Продавцу не сиделось. Молодая пара, торговавшаяся за картину, ушла, и старик переместился ко мне.
- Давно она здесь?
- Лет двадцать. Меня тогда впервые радикулит прихватил, оставил вместо себя одного чудака, а когда вышел - увидел его, - он кивнул на печатную машинку.
- Ее, - поправил я.
- Ну ее, какая разница. Надо бы выкинуть - кому она сегодня нужна? Модель обыкновенная, шрифт стерся, каретка и та еле тащится. Если б не спина давно снес на помойку.
Я выстучал несколько букв, нажал пробел, но каретка, как не странно, послушалась и вернулась на прежнее место.
- Надо же, - удивился продавец. - Впервые за ней такое замечаю.

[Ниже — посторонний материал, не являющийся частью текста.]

(* Let $\mathfrak G_{\mathcal J}=\{a\in\mathfrak G: [a,\mathcal J]\subset\mathcal J\}$. Then the composite map $\frac1\hbar\mathcal J\hookrightarrow\frac1\hbar\mathcal D\to\mathfrak G$ is injective and its image is exactly $\mathfrak G_{\mathcal J}$; i.e. $\mathfrak G_{\mathcal J}=\frac1\hbar\mathcal J$.
   Context: Let $\Bbbk$ be a field of characteristic zero, $V$ a $2n$-dimensional $\Bbbk$-vector space with symplectic form $\omega$. Let $D$ be the universal enveloping algebra of the Heisenberg Lie algebra $V\oplus\Bbbk\hbar$ with $[x,y]=\omega(x,y)\hbar$, $[x,\hbar]=0$ for $x,y\in V$, graded with $V$ in degree 1 and $\hbar$ in degree 2, $D=\bigoplus_{i\ge0}D^i$; let $\mathcal D=\prod_{i\geq0}D^i$ and $\mathcal A=\mathcal D/\hbar\mathcal D$ (a commutative algebra of formal power series). Let $\frac1\hbar\mathcal D$ be the free rank one $\mathcal D$-submodule of $\Bbbk((\hbar))\otimes_{\Bbbk[[\hbar]]}\mathcal D$ generated by $\frac1\hbar$; it is a Lie algebra under the commutator $[a,b]=ab-ba$, and $\mathcal D$ is a Lie ideal in it. Let $\mathfrak G=\frac1\hbar\mathcal D/\frac1\hbar\Bbbk$ (quotient by the central subalgebra $\frac1\hbar D^0$); $\mathfrak G$ acts on $\mathcal D$ by $a\mapsto[a,-]$. Fix a Lagrangian subspace $\mathfrak x\subset V$ and let $\mathcal J\subset\mathcal D$ be the preimage of the ideal $\mathcal A\mathfrak x\subset\mathcal A$ under the projection $\mathcal D\to\mathcal A$; $\mathcal J$ is a two-sided ideal. *)

(* Concrete model of the completed Heisenberg enveloping
   algebra  \mathcal D  via the Moyal--Weyl star product. *)
From HB Require Import structures.
From mathcomp Require Import all_boot all_order all_algebra.
Set Implicit Arguments. Unset Strict Implicit. Unset Printing Implicit Defensive.
Import GRing.Theory.
Local Open Scope ring_scope.

Section Weyl.
Variables (K : fieldType) (N : nat).

(* exponent vectors of monomials in the coordinates e_1..e_N of V = K^N *)
Definition mon := {ffun 'I_N -> nat}.
Definition mon0 : mon := [ffun => 0%N].
Definition mon_add (a b : mon) : mon := [ffun i => (a i + b i)%N].
Definition mon_unit (i : 'I_N) : mon := [ffun j => nat_of_bool (j == i)].

(* \mathcal D = prod_i D^i : all formal series  sum_{k,g} c(k,g) hbar^k e^g
   (each graded piece is finite dimensional, so this is the completion) *)
Definition ser := nat -> mon -> K.
(* \mathcal A = \mathcal D / hbar \mathcal D : formal power series on V *)
Definition cser := mon -> K.

Definition dser (f : ser) (i : 'I_N) : ser :=
  fun k g => ((g i).+1)%:R * f k (mon_add g (mon_unit i)).
Definition dsers (f : ser) (s : seq 'I_N) : ser := foldr (fun i h => dser h i) f s.

Definition cprod (f g : ser) : ser := fun k g0 =>
  \sum_(k1 < k.+1)
   \sum_(d : {ffun 'I_N -> 'I_((\sum_i g0 i)%N).+1} | [forall i, (d i <= g0 i)%N])
     f k1 [ffun i => nat_of_ord (d i)] * g (k - k1)%N [ffun i => (g0 i - d i)%N].

(* Moyal star product for the form omega(e_i,e_j) = W i j :
   f * g = sum_m (hbar/2)^m/m! sum_{I,J} prod_l W_{I_l J_l} d_I f d_J g,
   so that  e_i * e_j - e_j * e_i = W i j hbar. *)
Definition star (W : 'M[K]_N) (f g : ser) : ser := fun k g0 =>
  \sum_(m < k.+1) ((2 ^ m * m`!)%N%:R)^-1 *
    \sum_(I : m.-tuple 'I_N) \sum_(J : m.-tuple 'I_N)
      (\prod_(l < m) W (tnth I l) (tnth J l)) *
        cprod (dsers f I) (dsers g J) (k - m)%N g0.

Definition cst (c : K) : ser := fun k g => if (k == 0%N) && (g == mon0) then c else 0.
Definition hbar : ser := fun k g => if (k == 1%N) && (g == mon0) then 1 else 0.
Definition sub_ser (f g : ser) : ser := fun k m => f k m - g k m.

Definition proj (f : ser) : cser := fun g => f 0%N g.
Definition amul (f g : cser) : cser := fun g0 =>
  \sum_(d : {ffun 'I_N -> 'I_((\sum_i g0 i)%N).+1} | [forall i, (d i <= g0 i)%N])
     f [ffun i => nat_of_ord (d i)] * g [ffun i => (g0 i - d i)%N].
Definition alin (v : 'rV[K]_N) : cser := fun g => \sum_i v 0 i * (g == mon_unit i)%:R.

(* the ideal A x of A generated by the row space x of X *)
Definition in_Ax (m : nat) (X : 'M[K]_(m, N)) (p : cser) : Prop :=
  exists f : 'I_m -> cser, p = (fun g => \sum_r amul (f r) (alin (row r X)) g).
(* \mathcal J = preimage of A x under D -> A *)
Definition inJ (m : nat) (X : 'M[K]_(m, N)) (a : ser) : Prop := in_Ax X (proj a).

(* An element a/hbar of (1/hbar) D is represented by a in D.  Two such
   represent the same element of G = (1/hbar)D/(1/hbar)K iff they differ by
   a constant. *)
Definition G_rel (a b : ser) : Prop := exists c : K, a = (fun k g => b k g + cst c k g).

(* [a/hbar] lies in G_J : [a/hbar, b] = (a*b - b*a)/hbar lies in J for all b in J
   (D is hbar-torsion free, so  (a*b-b*a)/hbar = d  iff  hbar*d = a*b-b*a). *)
Definition in_GJ (W : 'M[K]_N) (m : nat) (X : 'M[K]_(m, N)) (a : ser) : Prop :=
  forall b, inJ X b ->
    exists d, inJ X d /\ star W hbar d = sub_ser (star W a b) (star W b a).

End Weyl.

From HB Require Import structures.
From mathcomp Require Import all_boot all_order all_algebra.
From mathcomp Require Import ring.
From Stdlib Require Import FunctionalExtensionality.
Set Implicit Arguments. Unset Strict Implicit. Unset Printing Implicit Defensive.
Import GRing.Theory.
Local Open Scope ring_scope.

(* Modulo hbar^2 the commutator [a, b]/hbar is the Poisson bracket {a0, b0} of the
   hbar-free parts, and membership in J only depends on the hbar-free part.  Since the
   Lagrangian x is isotropic, {A x, A x} lies in A x, hence J lies in G_J.  Conversely,
   if a/hbar lies in G_J then {a0, x} lies in A x for every linear form x of x, i.e. the
   derivatives of a0 in the directions omega(x, -) lie in A x.  Euler's identity
   p = sum_k x_k d_k (E^-1 p) (characteristic 0), together with a splitting of every
   coordinate function along x and these directions (possible as x is Lagrangian),
   then puts a0 - a0(0) in A x.  Injectivity holds since elements of J have no
   constant term. *)

Lemma exchange_big3 (R : nmodType) (A B C : finType) (T : A -> B -> C -> R) :
  \sum_a \sum_b \sum_c T a b c = \sum_c \sum_a \sum_b T a b c.
Proof.
transitivity (\sum_a \sum_c \sum_b T a b c).
  by apply: eq_bigr => a _; rewrite exchange_big.
by rewrite exchange_big.
Qed.

Lemma exchange_big22 (R : nmodType) (A B C D : finType) (T : A -> B -> C -> D -> R) :
  \sum_a \sum_b \sum_c \sum_d T a b c d = \sum_c \sum_d \sum_a \sum_b T a b c d.
Proof.
rewrite exchange_big3; apply: eq_bigr => d _; exact: exchange_big3.
Qed.

Lemma sum_quadratic_mx (K : comPzRingType) (N m : nat) (W : 'M[K]_N) (X : 'M[K]_(m, N))
    (a : 'I_m -> 'I_m -> K) :
  \sum_i \sum_j W i j * (\sum_s \sum_r X s i * X r j * a s r) =
  \sum_s \sum_r (X *m W *m X^T) s r * a s r.
Proof.
transitivity (\sum_i \sum_j \sum_s \sum_r X s i * W i j * X r j * a s r).
  apply: eq_bigr => i _; apply: eq_bigr => j _; rewrite mulr_sumr; apply: eq_bigr => s _.
  rewrite mulr_sumr; apply: eq_bigr => r _.
  by rewrite !mulrA [W i j * X s i]mulrC -!mulrA [W i j * _]mulrCA.
rewrite exchange_big22; apply: eq_bigr => s _; apply: eq_bigr => r _.
rewrite !mxE [RHS]mulr_suml [LHS]exchange_big; apply: eq_bigr => j _.
by rewrite !mxE !mulr_suml; apply: eq_bigr => i _.
Qed.

Lemma big_tuple0 (R : nmodType) (T : finType) (F : 0.-tuple T -> R) :
  \sum_t F t = F [tuple].
Proof. by rewrite (big_pred1 [tuple]) // => t; rewrite [t]tuple0 /= eq_refl. Qed.

Lemma big_tuple1 (R : nmodType) (T : finType) (F : 1.-tuple T -> R) :
  \sum_t F t = \sum_x F [tuple x].
Proof.
rewrite (reindex (fun x => [tuple x])) //; exists (@thead 0 T) => [x|t] _ //.
by case: t => [[|a [|b s]] //= H]; apply: val_inj.
Qed.

Section PowerSeries.
Variables (K : fieldType) (N : nat).
Local Notation mon := (mon N).
Local Notation cser := (cser K N).
Implicit Types (g e : mon) (i j : 'I_N) (f h p q : cser) (v : 'rV[K]_N).

Definition deg g := (\sum_i g i)%N.
Definition mon_val B (d : {ffun 'I_N -> 'I_B}) : mon := [ffun i => nat_of_ord (d i)].
Definition mon_sub g e : mon := [ffun i => (g i - e i)%N].
Definition mon_le e g := [forall i, e i <= g i]%N.

Local Notation madd1 g i := (mon_add g (mon_unit i)).
Local Notation msub1 g i := (mon_sub g (mon_unit i)).

Lemma mon_leP e g : reflect (forall i, e i <= g i)%N (mon_le e g).
Proof. exact: forallP. Qed.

Значит, не обмануло чувство - моя вещь. Я уплатил цену, оторвал - не без помощи недовольного старика - машинку от стола, обернул ее и уложил на заднее сиденье. Виктория не поймет, - мелькнуло в голове, когда я вставил ключ в зажигание. Но разве это имеет значение? Я не знал. Наверное, нет, не имеет. - Тогда почему ты об этом волнуешься? - Сила привычки. Мы всегда друг с другом советуемся. Особенно когда касается покупок. Я посмотрелся в зеркало и вытер с щеки пятна - машинка успела пометить меня первым знаком внимания.
* * *
- Зачем оно тебе?
- Она!
Как я и предполагал, Виктория не поняла. Обливаясь потом, она долго и нудно пилила меня. За то, что опоздал и не пойми где шлялся, а мог бы вместо этого починить, как обещал, электропечь, и если теперь все сгорело - в чем она не сомневается - я обязан буду все это положить в рот. Пообещав, что съем, я попросил оставить меня в покое.
- И куда ты ее поставишь?
Я ответил, что место найду и поставлю машинку на свой письменный стол.
- А ноутбук выкинешь?
Из пяти, придуманных по дороге вопросов, она умудрилась задать уже три. Компьютер, сказал я, не выкину, а на машинке печатать ничего особенного не собираюсь. Просто понравилась вещь, захотелось иметь ее дома. На этом совпадения прекратились. Узнав о цене, она переключилась на другие вопросы; поцеловала за купленные билеты и поинтересовалась насчет галстука, подаренного коллегами по случаю повышения на службе: выйдя со мной ближе к свету, сказала, что он идеально подходит глазам, и что ей повезло с моею работой: пятнадцать мужиков и ни одной конкурентки.
* * *
Не спалось. Я возился и думал об отце. Посчитал, сколько его уже с нами нет. Девять лет. Был конец февраля, я тогда получил свою первую зарплату, поехал с Викой покупать пальто - хотел коричневое и чтоб немного закрывало колени, но такого не было, висели черные, или серые до пола, еще были с меховыми воротниками - они мне тоже не нравились, странно, что я все это прекрасно помню: и запах тряпок, стоявший в оптовом магазине, и юрких продавщиц, плавающих между рядами, и как они выныривали с новым пальто, а мы мотали головами, отказываясь, а они снова углублялись в одежду. Еще помню, как около четырех у меня кольнуло в сердце. Быстро так укололо на вздохе и сразу отпустило. Потом, когда уже вокруг стемнело, Вика предложила купить куртку с капюшоном, но было уже поздно, мы оба устали, расстались: она поехала к своим родителям, я к своим. Дома была мама и тетя Люда. Мама курила, тетя Люда допивала чай и смотрела на меня. Папа умер, - быстро сказала мама, глядя мимо меня, а я стоял у вешалки и держался за пуговицы. Полпятого, - добавила мама. Точно помню, какую глупость тогда сказал. Хорошо, что я не успел купить пальто, - ответил я. Вся зарплата ушла на похороны и поминки.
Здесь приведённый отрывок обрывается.